**Excerpted data**

★ ★ ★

Lemma sq_le_of_cvg w u l (d : R) : converges_to ip u l ->
  (forall n, sq (w - u n) <= d + (n.+1%:R)^-1) -> sq (w - l) <= d.
Proof.
move=> hu hd; apply/ler_addgt0Pr => e he; set x := w - l; pose t := e / (4 * (sq x + 1)).
have hx := sq_ge0 Hip x.
have ht : 0 < t by rewrite divr_gt0 // mulr_gt0 //; lra.
have htx : t * sq x <= e / 4.
  have <- : t * (sq x + 1) = e / 4 by rewrite /t; field; rewrite gt_eqF //; lra.
  by rewrite ler_pM2l // lerDl.
have [N hN] := hu (t * e / 4) (divr_gt0 (mulr_gt0 ht he) (ltr0Sn _ _)).
have [N' hN'] := inv_nat_small (divr_gt0 he (ltr0Sn _ 1) : 0 < e / 2).
pose n := maxn N N'; pose y := u n - l.
have hy : sq y < t * e / 4 := hN _ (leq_maxl N N').
have hn : (n.+1%:R)^-1 < e / 2 := hN' _ (leq_maxr N N').
have hyoung := young Hip t x y.
have hRe : 2 * Re (ip x y) <= e / 2.
  have htx2 : t ^+ 2 * sq x <= t * (e / 4) by rewrite expr2 -mulrA ler_pM2l.
  have h : t * (2 * Re (ip x y)) <= t * (e / 2) by lra.
  by rewrite ler_pM2l in h.
have := hd n; have := sqB Hip x y; have := sq_ge0 Hip y.
by rewrite [x - y]subrBB; move: hn; move: (n.+1%:R^-1 : R) => r; lra.
Qed.
End Convergence.

Section Projection.
Variables (R : realType) (V : lmodType R[i]) (ip : V -> V -> R[i]).
Hypotheses (Hip : is_inner_product ip) (Hcompl : hilbert_complete ip).
Local Notation sq := (sqnorm ip).
Variable M : V -> Prop.
Hypotheses (M0 : M 0) (ML : forall a x y, M x -> M y -> M (a *: x + y))
  (Mclosed : forall u l, (forall n, M (u n)) -> converges_to ip u l -> M l).

Lemma best_approx_orth w m : M m -> (forall m', M m' -> sq (w - m) <= sq (w - m')) ->
  forall m', M m' -> ip m' (w - m) = 0.
Proof.
move=> hm hmin m' hm'; set p := ip (w - m) m'.
rewrite (ipC Hip) -/p; suff /normc2_eq0 -> : normc2 p = 0 by rewrite conjc0.
set K := sq m'; have hK : 0 <= K := sq_ge0 Hip m'.
set t := (K + 1)^-1.
have ht : t * (K + 1) = 1 by rewrite /t mulVf // gt_eqF //; lra.
have ht0 : 0 < t by rewrite /t invr_gt0; lra.
have := hmin _ (ML ((t%:C)%C * p) hm' hm).
(* The competitor [m + t p m'] lowers the distance by about [t |p|^2]. *)
have -> : w - ((t%:C)%C * p *: m' + m) = (w - m) - ((t%:C)%C * p) *: m' by rewrite opprD addrA addrAC.
rewrite (sqB Hip (w - m)) (sqZ Hip) (ipZr Hip) -/p -/K normc2_realM conjcM conjc_real.
rewrite -(mulrA (t%:C)%C) (mulrC (conjc p) p) mulcJ_normc2 Re_realM.
have hP := normc2_ge0 p; move: (normc2 p) hP => P hP hle.
have htK : t * K = 1 - t by move: ht; rewrite mulrDr mulr1; lra.
have e : t ^+ 2 * P * K = t * P - t ^+ 2 * P.
  by rewrite expr2 -mulrA (mulrC P) mulrA -(mulrA t t K) htK; ring.
rewrite e in hle; change (complex.Re (P%:C)%C) with P in hle.
have h1 : 0 <= t * P by apply: mulr_ge0; lra.
have h2 : 0 <= t ^+ 2 * P by rewrite mulr_ge0 ?sqr_ge0.
have /eqP : t * P = 0 by lra.
by rewrite mulf_eq0 gt_eqF //= => /eqP.
Qed.

Lemma minimizers_close w (del e1 e2 : R) m1 m2 : M m1 -> M m2 ->
  (forall m, M m -> del <= sq (w - m)) ->
  sq (w - m1) <= del + e1 -> sq (w - m2) <= del + e2 -> sq (m1 - m2) <= 2 * e1 + 2 * e2.
Proof.
move=> hm1 hm2 hdel h1 h2; pose h := (((2 : R)^-1)%:C)%C.
have hmid : M (h *: m1 + h *: m2).
  by apply: ML hm1 _; rewrite -[h *: m2]addr0; apply: ML hm2 M0.
have hmidle := hdel _ hmid.
(* parallelogram law for [w - m1] and [w - m2] *)
have hsum : sq ((w - m1) + (w - m2)) = 4 * sq (w - (h *: m1 + h *: m2)).
  have -> : (w - m1) + (w - m2) = ((2%:C)%C : R[i]) *: (w - (h *: m1 + h *: m2)).
    by apply: (eq_ipr Hip) => t; ip_expand Hip; rewrite /h fmorphV; field.
  by rewrite (sqZ_real Hip) expr2 -natrM.
have := sqD Hip (w - m1) (w - m2); have := sqB Hip (w - m2) (w - m1).
have -> : (w - m2) - (w - m1) = m1 - m2 by rewrite opprB addrC subrKA.
by rewrite (ipC Hip (w - m1)) Re_conjc; lra.
Qed.
Lemma chi_deletion_restriction :
  chi le P = ('X^(rk le P - rk le P') * chi le P' -
              'X^((rk le P).-1 - rk le P'') * chi le P'')%R.
Proof.
rewrite (chiE P_poset z0_least) -sum_cross_sum0_chi -sum_cross_sum1_chi -sumrB.
by apply: eq_bigr => x xP; rewrite mu_cross_sum // polyCB mulrBl.
Qed.

Lemma rk_Pprime_exps ds : exps le P' ds -> rk le P' = size ds.
Proof. exact/rk_exps/z0_least_Pprime/(poset_on_subset P_poset Pprime_subset). Qed.

Lemma rk_Pdprime_exps ds : exps le P'' ds -> rk le P'' = size ds.
Proof. exact/rk_exps/a_least_Pdprime/(poset_on_subset P_poset Pdprime_subset). Qed.

Lemma exps_nonseparator d ds : ~ separator le P a ->
  exps le P'' ds -> exps le P' (d :: ds) -> exps le P (d.+1 :: ds).
Proof.
move=> nsep exps'' exps'; have rk'' := rk_Pdprime_exps exps''.
have rk' := rk_Pprime_exps exps'; have rk_ge := rk_Pprime_le.
have rkP : rk le P = (size ds).+1.
  by have := rk_le_Pprime_succ; move: nsep rk_ge; rewrite /separator rk' /=; lia.
case: exps'' exps' => _ chi'' [/andP[_ pos] chi']; split; first by apply/andP; split.
rewrite chi_deletion_restriction rkP rk' rk'' /= !subnn chi' chi'' !big_cons !expr0 !mul1r.
by rewrite mulrSr polyCD polyC1; ring.
Qed.

Lemma exps_separator ds : separator le P a ->
  exps le P'' ds -> exps le P' ds -> exps le P (1%N :: ds).
Proof.
move=> sep exps'' exps'; have rk'' := rk_Pdprime_exps exps''.
have rk' := rk_Pprime_exps exps'.
have rkP : rk le P = (size ds).+1 by move: sep; rewrite /separator rk'; lia.
case: exps'' exps' => _ chi'' [pos chi']; split; first by apply/andP; split.
rewrite chi_deletion_restriction rkP rk' rk'' subSnn /= subnn chi' chi'' big_cons.
by rewrite expr0 expr1 mul1r polyC1; ring.
Qed.

End Deletion.
End LocallyGeometric.

Theorem theorem3p13 (T : finType) (le : rel T) (P : {set T}) (a : T) :
  locally_geometric le P -> atoms le P != set0 -> a \in atoms le P ->
  (~ separator le P a ->
     forall (ds : seq nat) (d : nat),
       inductive le (Pdprime le P a) -> exps le (Pdprime le P a) ds ->
       inductive le (Pprime le P a) -> exps le (Pprime le P a) (d :: ds) ->
       inductive le P /\ exps le P (d.+1 :: ds)) /\
  (separator le P a ->
     forall (ds : seq nat),
       inductive le (Pdprime le P a) -> exps le (Pdprime le P a) ds ->
       inductive le (Pprime le P a) -> exps le (Pprime le P a) ds ->
       inductive le P /\ exps le P (1%N :: ds)).
Proof.
move=> LG _ aA; have [[Pposet unique_min _] _] := LG.
have [z0 z0_least] := least_exists Pposet unique_min.
split=> [nsep ds d ind'' exps'' ind' exps'|sep ds ind'' exps'' ind' exps'].
- split; last exact: (exps_nonseparator LG z0_least aA).
  apply: inductive_step LG aA ind' ind'' _; exists ('X - (d%:R)%:P)%R.
  by case: exps' => _ ->; case: exps'' => _ ->; rewrite big_cons.
- split; last exact: (exps_separator LG z0_least aA).
  apply: inductive_step LG aA ind' ind'' _; exists 1%R.
  by case: exps' => _ ->; case: exps'' => _ ->; rewrite mul1r.
Qed.
Lemma wvtx_near a b (x : nat * nat) v :
  x \in window -> 2 <= x.2 <= 4 -> tdist (wvtx a b x) v <= 2 ->
  exists y : nat * nat, [/\ y \in window, v = wvtx a b y & wdist x y = tdist (wvtx a b x) v].
Proof.
move=> /windowP [lt_x1 lt_x2] x2_mid.
have [i [j [lt_i4 lt_jN ->]]] := vtx_offset v (a + x.1) (b + x.2).
have -> : tdist (wvtx a b x) (vtx (a + x.1 + i) (b + x.2 + j)) = cdist 4 0 i + minn j (N - j).
  rewrite /wvtx -{1}(addn0 (a + x.1)) -{1}(addn0 (b + x.2)) tdist_vtx //.
  by rewrite /cdist /absdiff; lia.
have row : cdist 4 x.1 ((x.1 + i) %% 4) = cdist 4 0 i.
  by rewrite -{1}(modn_small lt_x1) -{1}(addn0 x.1) cdist_shift.
have row_congr : a + x.1 + i = a + (x.1 + i) %% 4 %[mod 4] by rewrite modnDmr addnA.
have lt_row : (x.1 + i) %% 4 < 4 by rewrite ltn_pmod.
move=> near; case: (boolP (j <= N - j)) => [fwd | bwd].
- exists ((x.1 + i) %% 4, x.2 + j); split.
  + by apply/windowP; split=> //=; lia.
  + by apply: vtx_congr; rewrite // addnA.
  + by rewrite /wdist row /absdiff /=; lia.
- exists ((x.1 + i) %% 4, x.2 + j - N); split.
  + by apply/windowP; split=> //=; lia.
  + apply: vtx_congr; rewrite //= addnBA; last lia.
    by rewrite addnA -(modnDr (_ - N)) subnK //; lia.
  + by rewrite /wdist row /absdiff /=; lia.
Qed.

(* Column [c + m] of C_(m+1) is column [c - 1]. *)
Lemma wvtx_behind r c i w : wvtx r (c + m) (i, w.+1) = vtx (r + i) (c + w).
Proof. by apply: vtx_congr => //=; rewrite (_ : _ + _ = c + w + N) ?modnDr //; lia. Qed.

Lemma vtx_row_offset r r' c : exists2 i, i < 4 & vtx (r + i) c = vtx r' c.
Proof.
by have [i lt_i4 eq_i] := modn_offset r r' (isT : 0 < 4); exists i => //; apply: vtx_congr.
Qed.

End Torus.

(** * Counting the hearers *)

Lemma card_set_sum (T : finType) (P : pred T) : #|[set x | P x]| = \sum_x (P x : nat).
Proof. by rewrite -sum1dep_card big_mkcond; apply: eq_bigr => x _; case: (P x). Qed.

Section Balls.
Variable m : nat.
Hypothesis m_gt0 : 0 < m.
Local Notation N := m.+1.
Local Notation V := ('I_4 * 'I_N)%type.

★ ★ ★

**Work task**
From the material above, state how many lines hold the word "addnA", giving nothing but the number.

**Task solution**
3